Lemma dense_forest_of_irrational_preimages k (A : 'I_k -> 'M[R]_n)
    (g : 'I_k -> 'cV[R]_n) : (0 < n)%N -> (forall i, A i \in unitmx) ->
  (forall w : 'cV[R]_n, w != 0 -> exists i, ~ rat_dependent (invmx (A i) *m w)) ->
  dense_forest (fun x => exists i, shifted_lattice (A i) (g i) x).
Proof.
move=> n0 hA hirr eps eps0; have n0R : (0 : R) < n%:R by rewrite ltr0n.
pose P T (r : 'rV[R]_n) := forall c, exists s, `|s| <= T /\
  exists i z, `|c + s *: r^T - (A i *m int_vec z + g i)| < eps / n%:R.
have /= [M [_ HM]] : \forall T \near +oo, [set r : 'rV[R]_n | `|r| = 1] `<=` P T.
  apply: (iffLR (compact_near_coveringP _) unit_sphere_compact _ (pinfty_nbhs R) P _) => r0 r01.
  have r0T : r0^T != 0 by rewrite -normr_gt0 mx_normT r01.
  have [i hi] := hirr _ r0T.
  apply: filterS (lattice_near_direction (g i) (hA i) hi (divr_gt0 eps0 n0R)).
  by case=> r T /= H c; have [s [hs [z hz]]] := H c; exists s; split=> //; exists i, z.
pose T := `|M| + 1; have MT : M < T by rewrite /T ltr_pwDr ?ler_norm.
have T0 : 0 <= T by rewrite addr_ge0.
exists (2 * n%:R * (T + 1)); split=> [|a b hab]; first by rewrite !mulr_gt0 //; lra.
set d := b - a in hab *; set L := `|d|.
have hL : 2 * (T + 1) <= L.
  by rewrite -(ler_pM2l n0R) mulrA [n%:R * 2]mulrC -hab norm2_le_mx_norm.
have L0 : 0 < L by lra.
have r1 : `|L^-1 *: d^T| = 1 by rewrite normrZ mx_normT gtr0_norm ?invr_gt0 // mulVf ?gt_eqF.
(* Approximating from the midpoint with |s| <= T <= L / 2 keeps the parameter in [0, 1]. *)
have [s [hs [i [z hz]]]] := HM T MT _ r1 (a + 2^-1 *: d).
exists (2^-1 + s / L); split.
  have : `|s / L| <= 2^-1.
    rewrite normrM [`|L^-1|]gtr0_norm ?invr_gt0 // ler_pdivrMr //; lra.
  by rewrite ler_norml => /andP [h1 h2]; apply/andP; split; lra.
exists (A i *m int_vec z + g i); split; first by exists i, z.
have -> : a + (2^-1 + s / L) *: d - (A i *m int_vec z + g i) =
    a + 2^-1 *: d + s *: (L^-1 *: d^T)^T - (A i *m int_vec z + g i).
  by rewrite linearZ /= trmxK scalerA scalerDl addrA.
apply: le_lt_trans (norm2_le_mx_norm _) _.
by rewrite mulrC -ltr_pdivlMr.
Qed.
Lemma coef_sum (I : Type) (r : seq I) (P : pred I) s (f : I -> ncs F n) :
  coef s (fun w => \sum_(j <- r | P j) f j w) = \sum_(j <- r | P j) coef s (f j).
Proof.
rewrite /coef -sum_words_sum; apply: eq_sum_words => w _.
by case: ifP => _; rewrite ?mulr_sumr // big1.
Qed.

Lemma coef_rec s u : s != [::] ->
  coef s u = \sum_x (if x \in s
                     then plet_lt x (rem x s) * coef (rem x s) (fun y => u (x :: y))
                     else 0).
Proof.
case: s => [|y s] // _; rewrite {1}/coef [sum_words _ _]/=; apply: eq_bigr => x _.
case: ifPn => xs.
  rewrite /coef size_rem // -sum_wordsZ; apply: eq_sum_words => w _.
  rewrite (permPr (perm_to_rem xs)) perm_cons; case: ifP => wr; last by rewrite mulr0.
  by rewrite /= /plet_lt (perm_big _ wr) mulrA.
rewrite (eq_sum_words (g := fun=> 0)) ?sum_words0 // => w _; case: ifP => // xw.
by move: xs; rewrite -(perm_mem xw) mem_head.
Qed.

Lemma coef_seq1 x u : coef [:: x] u = u [:: x].
Proof.
rewrite coef_rec // (bigD1 x) //= mem_head big1 ?addr0 => [|y yx]; last first.
  by rewrite mem_seq1 (negbTE yx).
by rewrite eqxx /plet_lt big_nil mul1r coef_nil.
Qed.

Definition supported u a := forall w, u w != 0 -> perm_eq w a.

Lemma coef_supported_eq0 u a s : supported u a -> ~~ perm_eq s a -> coef s u = 0.
Proof.
move=> ua sa; rewrite /coef (eq_sum_words (g := fun=> 0)) ?sum_words0 // => w _.
case: ifP => // ws; have [-> | /ua wa] := eqVneq (u w) 0; first by rewrite mulr0.
by move: sa; rewrite -(permPl ws) wa.
Qed.
(* There is an absolute constant $C$ such that for every $n\ge 2$ and every family $\mathcal{F}$ of $n$ axis-parallel closed rectangles in the plane with intersection graph $G$, we have $\chi_{CF}^{cn}(G)\le C\log n$.
   Context: The intersection graph of $\mathcal{F}$ has vertex set $\mathcal{F}$, with distinct $R_1,R_2$ adjacent iff $R_1\cap R_2\neq\emptyset$. $\chi_{CF}^{cn}(G)$ is the minimum number of colors in a coloring of $V(G)$ such that for every vertex $v$, the closed neighborhood $N_G[v]=\{v\}\cup\{u:\{u,v\}\in E(G)\}$ contains a vertex whose color differs from the colors of all other vertices of $N_G[v]$. *)

From Stdlib Require Import Reals.
Open Scope R_scope.

Record rect := mkRect { rx1 : R; rx2 : R; ry1 : R; ry2 : R }.

Definition rect_wf (r : rect) : Prop := rx1 r <= rx2 r /\ ry1 r <= ry2 r.

Definition in_rect (x y : R) (r : rect) : Prop :=
  rx1 r <= x <= rx2 r /\ ry1 r <= y <= ry2 r.

Definition rect_meet (r s : rect) : Prop :=
  exists x y, in_rect x y r /\ in_rect x y s.

(* A simple graph on vertex set {0,...,n-1} is given by a relation adj;
   closed neighbourhood of v. *)
Definition closed_nbhd (n : nat) (adj : nat -> nat -> Prop) (v u : nat) : Prop :=
  (u < n)%nat /\ (u = v \/ adj v u).

Definition cf_cn_coloring (n : nat) (adj : nat -> nat -> Prop) (k : nat)
  (c : nat -> nat) : Prop :=
  (forall v, (v < n)%nat -> (c v < k)%nat) /\
  (forall v, (v < n)%nat ->
     exists u, closed_nbhd n adj v u /\
       forall w, closed_nbhd n adj v w -> w <> u -> c w <> c u).

Definition is_chi_cf_cn (n : nat) (adj : nat -> nat -> Prop) (k : nat) : Prop :=
  (exists c, cf_cn_coloring n adj k c) /\
  (forall k' c', cf_cn_coloring n adj k' c' -> (k <= k')%nat).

_ _ _ _

_WHAT TO PRODUCE_. In the records above, the line with "have T0 : 0 <= T by rewrite addr_ge0." marks the start and the line with "case: ifPn => xs." marks the end; copy that stretch exactly, both lines included, and nothing else.

_RESPONSE TO THIS EXERCISE_.
have T0 : 0 <= T by rewrite addr_ge0.
exists (2 * n%:R * (T + 1)); split=> [|a b hab]; first by rewrite !mulr_gt0 //; lra.
set d := b - a in hab *; set L := `|d|.
have hL : 2 * (T + 1) <= L.
  by rewrite -(ler_pM2l n0R) mulrA [n%:R * 2]mulrC -hab norm2_le_mx_norm.
have L0 : 0 < L by lra.
have r1 : `|L^-1 *: d^T| = 1 by rewrite normrZ mx_normT gtr0_norm ?invr_gt0 // mulVf ?gt_eqF.
(* Approximating from the midpoint with |s| <= T <= L / 2 keeps the parameter in [0, 1]. *)
have [s [hs [i [z hz]]]] := HM T MT _ r1 (a + 2^-1 *: d).
exists (2^-1 + s / L); split.
  have : `|s / L| <= 2^-1.
    rewrite normrM [`|L^-1|]gtr0_norm ?invr_gt0 // ler_pdivrMr //; lra.
  by rewrite ler_norml => /andP [h1 h2]; apply/andP; split; lra.
exists (A i *m int_vec z + g i); split; first by exists i, z.
have -> : a + (2^-1 + s / L) *: d - (A i *m int_vec z + g i) =
    a + 2^-1 *: d + s *: (L^-1 *: d^T)^T - (A i *m int_vec z + g i).
  by rewrite linearZ /= trmxK scalerA scalerDl addrA.
apply: le_lt_trans (norm2_le_mx_norm _) _.
by rewrite mulrC -ltr_pdivlMr.
Qed.
Lemma coef_sum (I : Type) (r : seq I) (P : pred I) s (f : I -> ncs F n) :
  coef s (fun w => \sum_(j <- r | P j) f j w) = \sum_(j <- r | P j) coef s (f j).
Proof.
rewrite /coef -sum_words_sum; apply: eq_sum_words => w _.
by case: ifP => _; rewrite ?mulr_sumr // big1.
Qed.

Lemma coef_rec s u : s != [::] ->
  coef s u = \sum_x (if x \in s
                     then plet_lt x (rem x s) * coef (rem x s) (fun y => u (x :: y))
                     else 0).
Proof.
case: s => [|y s] // _; rewrite {1}/coef [sum_words _ _]/=; apply: eq_bigr => x _.
case: ifPn => xs.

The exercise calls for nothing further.